**** Dataset excerpts ****

(* The ring R_T/(Q) for Q : {poly F} is mathcomp's {poly %/ Q} (qpoly.v);
   its unit group (R_T/(Q))^* is the finite group {unit {poly %/ Q}}. *)

(* v_m(beta) : number of distinct cyclic subgroups of order p^m of
   (F[T]/(P^beta))^*.  Every cyclic subgroup is <[u]> for some unit u,
   and |<[u]>| = #[u]. *)
Definition ncyc_subgroups (F : finFieldType) (P : {poly F}) (p m beta : nat) : nat :=
  #|[set (<[u]>)%g | u in [set u : {unit {poly %/ P ^+ beta}} | #[u]%g == (p ^ m)%N]]|.

From HB Require Import structures.
From mathcomp Require Import all_boot all_order all_algebra all_fingroup all_solvable all_field.
From mathcomp Require Import zify.
Set Implicit Arguments.
Unset Strict Implicit.
Unset Printing Implicit Defensive.
Import GRing.Theory Num.Theory FinRing.Theory.

(* Since char F = p, the map f |-> f^p is additive on F[T], and P^alpha divides
   f^p exactly when P^delta divides f, delta being the ceiling of alpha/p.  Hence
   x |-> x^p induces an injective ring map R_T/(P^delta) -> R_T/(P^alpha) whose
   image is the set of p-th powers; on units it identifies (R_T/(P^delta))^* with
   the p-th powers of the abelian group G = (R_T/(P^alpha))^*.  For n >= 2, g has
   order p^n iff g^p has order p^(n-1), and the fibres of g |-> g^p are cosets of
   {g | g^p = 1}, which g |-> g - 1 maps onto {a | a^p = 0} = P^delta R_T/(P^alpha),
   a set of size q^(d(alpha-delta)).  Counting elements of order p^n this way and
   dividing by phi(p^n) = p phi(p^(n-1)) counts the cyclic subgroups. *)


Local Open Scope group_scope.

Section OrderCounting.

Variable gT : finGroupType.

Lemma card_order_eq_cycles_totient (N : nat) :
  #|[set x : gT | #[x] == N]| =
  (#|[set <[x]> | x in [set x : gT | #[x] == N]]| * totient N)%N.
Proof.
rewrite -sum1_card (partition_big_imset cycle) /= -sum_nat_const.
apply: eq_bigr => C /imsetP [x]; rewrite inE => /eqP oxN ->.
rewrite sum1dep_card -oxN totient_gen; apply: eq_card => y.
rewrite !inE /generator [X in _ = X]eq_sym.
have [e|ne] := eqVneq <[y]> <[x]>; last by rewrite andbF.
by rewrite /order e !eqxx.
Qed.

Lemma order_expg_prime_pexp (p n : nat) (g : gT) : prime p -> (1 < n)%N ->
  (#[g] == p ^ n)%N = (#[g ^+ p] == p ^ n.-1)%N.
Proof.
move=> p_pr; case: n => [|[|n]] // _ /=; rewrite orderXgcd.
have p_gt1 := prime_gt1 p_pr.
have [p_dvd|p_ndvd] := boolP (p %| #[g])%N.
  rewrite (eqP (_ : gcdn #[g] p == p)); last by rewrite gcdnC; apply/eqP/gcdn_idPl.
  apply/eqP/eqP => [->|og]; first by rewrite expnS mulKn // ltnW.
  by rewrite -(divnK p_dvd) og -expnSr.
rewrite (eqP (_ : coprime #[g] p)) ?divn1; last by rewrite coprime_sym prime_coprime.
by apply/eqP/eqP => og; move: p_ndvd; rewrite og expnS dvdn_mulr.
Qed.

Lemma card_expg_fiber (p : nat) (g0 : gT) : abelian [set: gT] ->
  #|[set g : gT | g ^+ p == g0 ^+ p]| = #|[set k : gT | k ^+ p == 1]|.
Proof.
move=> /centsP cGG; have cG (x y : gT) : commute x y by exact: cGG (in_setT x) y (in_setT y).
rewrite -(card_imset _ (mulIg g0^-1)); apply: eq_card => g.
apply/imsetP/idP => [[k + ->] | ]; rewrite !inE => /eqP gp.
- by rewrite expgMn // gp expgVn mulgV.
- exists (g * g0); last by rewrite mulgK.
  by rewrite inE expgMn // gp mul1g.
Qed.

Lemma order_injective_morph (hT : finGroupType) (f : hT -> gT) (x : hT) :
  {morph f : u v / u * v} -> injective f -> #[f x] = #[x].
Proof.
move=> fM f_inj; pose fm := @Morphism _ _ [set: hT] f (in2W fM).
have injfm : 'injm fm by apply/injmP; exact: in2W.
exact: (order_injm injfm (in_setT x)).
Qed.

Lemma card_order_pexpS (hT : finGroupType) (p n : nat) (f : hT -> gT) :
  prime p -> (1 < n)%N -> abelian [set: gT] ->
  {morph f : x y / x * y} -> injective f ->
  [set f h | h : hT] = [set g ^+ p | g : gT] ->
  #|[set g : gT | #[g] == (p ^ n)%N]| =
  (#|[set k : gT | k ^+ p == 1%g]| * #|[set h : hT | #[h] == (p ^ n.-1)%N]|)%N.
Proof.
move=> p_pr n_gt1 cGG fM f_inj im_f; set S := [set h : hT | _].
have ord_f h : #[f h] = #[h] by exact: order_injective_morph.
have -> : [set g : gT | #[g] == (p ^ n)%N] = [set g | g ^+ p \in f @: S].
  apply/setP => g; rewrite !inE order_expg_prime_pexp //.
  apply/idP/imsetP => [og | [h + ->]]; last by rewrite inE ord_f.
  have /imsetP[h _ gpE] : g ^+ p \in [set f h | h : hT] by rewrite im_f; apply: imset_f.
  by exists h; rewrite // inE -ord_f -gpE.
rewrite -(card_imset S f_inj) mulnC -sum_nat_const -sum1_card.
rewrite (partition_big (fun g => g ^+ p) (mem (f @: S))) => /= [|g]; last by rewrite inE.
apply: eq_bigr => _ /imsetP[h hS ->].
have /imsetP[g0 _ fhE] : f h \in [set g ^+ p | g : gT] by rewrite -im_f; apply: imset_f.
rewrite fhE -(card_expg_fiber p g0 cGG) -sum1_card; apply: eq_bigl => g.
by rewrite !inE andb_idl // => /eqP ->; rewrite -fhE; apply: imset_f.
Qed.

End OrderCounting.

Local Close Scope group_scope.
Local Open Scope ring_scope.

Section IrreducibleDivisibility.

Variables (F : fieldType) (P : {poly F}).
Hypothesis P_irr : irreducible_poly P.

Lemma irredp_dvdp_expr (f : {poly F}) (n : nat) : P %| f ^+ n -> P %| f.
Proof.
by apply: contraTT; rewrite -!irreducible_poly_coprime //; apply: coprimep_expr.
Qed.

Lemma irredp_dvdp_exp_expr (a b p : nat) (f : {poly F}) :
  (b.-1 * p < a)%N -> P ^+ a %| f ^+ p -> P ^+ b %| f.
Proof.
have P_neq0 : P != 0 by apply: irredp_neq0.
elim: b a f => [|b IHb] a f lt_a PaDfp; first by rewrite expr0 dvd1p.
have /dvdpP[g fE] : P %| f.
  apply: (@irredp_dvdp_expr _ p); apply: dvdp_trans PaDfp.
  by rewrite -{1}(expr1 P) dvdp_exp2l //; case: a lt_a.
rewrite fE exprSr dvdp_mul2r //; case: b IHb lt_a => [|b] IHb lt_a.
  by rewrite expr0 dvd1p.
apply: (IHb (a - p)%N); first by move: lt_a => /=; lia.
by move: PaDfp; rewrite fE exprMn dvdp_exp_sub.
Qed.

Lemma irredp_dvdp_exp_exprE (a b p : nat) (f : {poly F}) :
  (b.-1 * p < a <= b * p)%N -> (P ^+ a %| f ^+ p) = (P ^+ b %| f).
Proof.
case/andP=> lt_a le_a; apply/idP/idP; first exact: irredp_dvdp_exp_expr.
by move/(dvdp_exp2r p); apply: dvdp_trans; rewrite -exprM dvdp_exp2l.
Qed.

End IrreducibleDivisibility.

Section CharacteristicPower.

Variables (R : comNzRingType) (p : nat).
Hypothesis p_char : p \in [pchar R].

Lemma exprD_pchar (x y : R) : (x + y) ^+ p = x ^+ p + y ^+ p.
Proof. by rewrite -!(pFrobenius_autE p_char) pFrobenius_autD_comm //; apply: mulrC. Qed.

Lemma exprB_pchar (x y : R) : (x - y) ^+ p = x ^+ p - y ^+ p.
Proof. by rewrite -!(pFrobenius_autE p_char) pFrobenius_autB_comm //; apply: mulrC. Qed.

End CharacteristicPower.

Lemma card_unit_expr_eq1_pchar (R : finComUnitRingType) (p : nat) :
  p \in [pchar R] ->
  #|[set u : {unit R} | (u ^+ p == 1)%g]| = #|[set a : R | a ^+ p == 0]|.
Proof.
move=> p_char; have p_gt0 := prime_gt0 (pcharf_prime p_char).
pose dec (u : {unit R}) : R := val u - 1.
have dec_inj : injective dec by move=> u v /addIr /val_inj.
rewrite -(card_imset _ dec_inj); apply: eq_card => a; apply/imsetP/idP.
  move=> [u]; rewrite !inE => /eqP up1 ->.
  by rewrite exprB_pchar // -val_unitX up1 val_unit1 expr1n subrr.
rewrite inE => /eqP ap0.
have a1p : (1 + a) ^+ p = 1 by rewrite exprD_pchar // expr1n ap0 addr0.
have u1a : 1 + a \is a GRing.unit by rewrite -(unitrX_pos _ p_gt0) a1p unitr1.
exists (FinRing.Unit u1a); last by rewrite /dec /= addrAC subrr add0r.
by rewrite inE; apply/eqP/val_inj; rewrite val_unitX /= a1p.
Qed.

Lemma in_qpoly_val (R : nzRingType) (h : {poly R}) (x : {poly %/ h}) :
  in_qpoly h (val x) = x.
Proof. by apply: val_inj; apply: in_qpoly_small (size_mk_monic x). Qed.

Lemma in_qpolyXn (R : comNzRingType) (h u : {poly R}) (n : nat) :
  in_qpoly h (u ^+ n) = in_qpoly h u ^+ n.
Proof. exact: rmorphXn. Qed.

Section QuotientByMonic.

Variables (R : fieldType) (h : {poly R}).
Hypotheses (h_monic : h \is monic) (h_gt1 : (1 < size h)%N).

Lemma mk_monic_id : mk_monic h = h.
Proof. by rewrite /mk_monic h_gt1 h_monic. Qed.

Lemma eq_in_qpoly (u v : {poly R}) :
  (in_qpoly h u == in_qpoly h v) = (h %| u - v).
Proof.
rewrite -val_eqE /= -!Pdiv.IdomainMonic.modpE ?monic_mk_monic // mk_monic_id.
by rewrite /dvdp modpD modpN subr_eq0.
Qed.

End QuotientByMonic.

Lemma card_qpoly_dvdp (F : finFieldType) (M N : {poly F}) :
  M \is monic -> (1 < size M)%N -> N != 0 -> (size N <= size M)%N ->
  #|[set a : {poly %/ M} | N %| val a]| = (#|F| ^ (size M - size N))%N.
Proof.
move=> M_monic M_gt1 N_neq0 le_NM; set k := (size M - size N)%N.
have N_gt0 : (0 < size N)%N by rewrite size_poly_gt0.
have sizeM : size M = (size N + k)%N by rewrite subnKC.
pose mulN (g : {poly_k F}) : {poly %/ M} := in_qpoly M (N * g).
have mulNE g : val (mulN g) = N * g.
  apply: in_qpoly_small; rewrite mk_monic_id //.
  apply: leq_ltn_trans (size_polyMleq _ _) _.
  by rewrite prednK ?addn_gt0 ?N_gt0 // sizeM leq_add2l size_npoly.
have mulN_inj : injective mulN.
  by move=> g g' /(congr1 val); rewrite !mulNE => /(mulfI N_neq0) /val_inj.
rewrite -[RHS]card_npoly -cardsT -(card_imset _ mulN_inj); apply: eq_card => a.
rewrite inE; apply/idP/imsetP => [NDa | [g _ ->]]; last by rewrite mulNE dvdp_mulIl.
have size_quo : (size (val a %/ N)%R <= k)%N.
  have := size_mk_monic a; rewrite [in X in (_ < X)%N]mk_monic_id //.
  rewrite size_divp // sizeM.
  by rewrite -(prednK N_gt0) addSn ltnS leq_subLR.
exists (npolyp k (val a %/ N)); rewrite ?inE //.
by apply: val_inj; rewrite mulNE npolypK // divpKC.
Qed.

Lemma units_abelian (R : finComUnitRingType) : abelian [set: {unit R}].
Proof. by apply/centsP => u _ v _; apply: val_inj; apply: mulrC. Qed.

Section FrobeniusQuotient.

Variables (F : finFieldType) (M N : {poly F}) (p : nat).
Hypotheses (M_monic : M \is monic) (N_monic : N \is monic) (N_gt1 : (1 < size N)%N).
Hypothesis p_char : p \in [pchar F].
Hypothesis dvdp_expr_pchar : forall f : {poly F}, (M %| f ^+ p) = (N %| f).

Let p_gt0 : (0 < p)%N. Proof. exact/prime_gt0/(pcharf_prime p_char). Qed.
Let p_char_poly : p \in [pchar {poly F}]. Proof. by rewrite pchar_poly. Qed.

Let N_dvd_M : N %| M.
Proof. by rewrite -dvdp_expr_pchar dvdp_exp. Qed.

Let N_le_M : (size N <= size M)%N.
Proof. by apply: dvdp_leq N_dvd_M; apply: monic_neq0. Qed.

Let M_gt1 : (1 < size M)%N. Proof. exact: leq_trans N_le_M. Qed.

Definition frob_qpoly (x : {poly %/ N}) : {poly %/ M} := in_qpoly M (val x ^+ p).
Definition reduce_qpoly (y : {poly %/ M}) : {poly %/ N} := in_qpoly N (val y).

Lemma in_qpoly_expr_pchar_eq (u v : {poly F}) :
  (in_qpoly M (u ^+ p) == in_qpoly M (v ^+ p)) = (in_qpoly N u == in_qpoly N v).
Proof. by rewrite !eq_in_qpoly // -exprB_pchar. Qed.

Lemma frob_qpolyM x y : frob_qpoly (x * y) = frob_qpoly x * frob_qpoly y.
Proof.
apply/eqP; rewrite /frob_qpoly -in_qpolyM -exprMn in_qpoly_expr_pchar_eq.
by rewrite in_qpolyM !in_qpoly_val.
Qed.

Lemma frob_qpoly1 : frob_qpoly 1 = 1.
Proof. by rewrite /frob_qpoly expr1n in_qpoly1. Qed.

Lemma frob_qpoly_inj : injective frob_qpoly.
Proof. by move=> x y /eqP; rewrite in_qpoly_expr_pchar_eq !in_qpoly_val => /eqP. Qed.

Lemma frob_qpolyE x : frob_qpoly x = in_qpoly M (val x) ^+ p.
Proof. exact: in_qpolyXn. Qed.

Lemma frob_reduce_qpoly y : frob_qpoly (reduce_qpoly y) = y ^+ p.
Proof.
apply/eqP; rewrite -[y in _ == y ^+ _]in_qpoly_val -in_qpolyXn.
by rewrite in_qpoly_expr_pchar_eq !in_qpoly_val.
Qed.

Lemma reduce_qpolyM x y : reduce_qpoly (x * y) = reduce_qpoly x * reduce_qpoly y.
Proof.
apply/eqP; rewrite -in_qpolyM eq_in_qpoly //; apply: dvdp_trans N_dvd_M _.
by rewrite -eq_in_qpoly // in_qpolyM !in_qpoly_val.
Qed.

Lemma reduce_qpoly1 : reduce_qpoly 1 = 1.
Proof. exact: in_qpoly1. Qed.

Lemma frob_qpoly_unit x : x \is a GRing.unit -> frob_qpoly x \is a GRing.unit.
Proof.
move=> ux; apply/unitrPr; exists (frob_qpoly x^-1).
by rewrite -frob_qpolyM mulrV ?frob_qpoly1.
Qed.

Lemma reduce_qpoly_unit y : y \is a GRing.unit -> reduce_qpoly y \is a GRing.unit.
Proof.
move=> uy; apply/unitrPr; exists (reduce_qpoly y^-1).
by rewrite -reduce_qpolyM mulrV ?reduce_qpoly1.
Qed.

Definition frob_unit (u : {unit {poly %/ N}}) : {unit {poly %/ M}} :=
  FinRing.Unit (frob_qpoly_unit (valP u)).

Lemma frob_unitM : {morph frob_unit : u v / (u * v)%g}.
Proof. by move=> u v; apply: val_inj; apply: frob_qpolyM. Qed.

Lemma frob_unit_inj : injective frob_unit.
Proof. by move=> u v /(congr1 val) /frob_qpoly_inj /val_inj. Qed.

Lemma image_frob_unit :
  [set frob_unit u | u : {unit {poly %/ N}}] = [set (v ^+ p)%g | v : {unit {poly %/ M}}].
Proof.
apply/setP => w; apply/imsetP/imsetP => [[u _ ->] | [v _ ->]].
  have lift_unit : in_qpoly M (val (val u)) \is a GRing.unit.
    by rewrite -(unitrX_pos _ p_gt0) -frob_qpolyE frob_qpoly_unit ?(valP u).
  by exists (FinRing.Unit lift_unit) => //; apply: val_inj; rewrite val_unitX /= frob_qpolyE.
exists (FinRing.Unit (reduce_qpoly_unit (valP v))) => //.
by apply: val_inj; rewrite val_unitX /= frob_reduce_qpoly.
Qed.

****

**Exercise details:**
Copy, please, every line from the start of the entries down to the line that holds "and |<[u]>| = #[u]. *)", with both of those lines included and no others.

**Answer:**
(* The ring R_T/(Q) for Q : {poly F} is mathcomp's {poly %/ Q} (qpoly.v);
   its unit group (R_T/(Q))^* is the finite group {unit {poly %/ Q}}. *)

(* v_m(beta) : number of distinct cyclic subgroups of order p^m of
   (F[T]/(P^beta))^*.  Every cyclic subgroup is <[u]> for some unit u,
   and |<[u]>| = #[u]. *)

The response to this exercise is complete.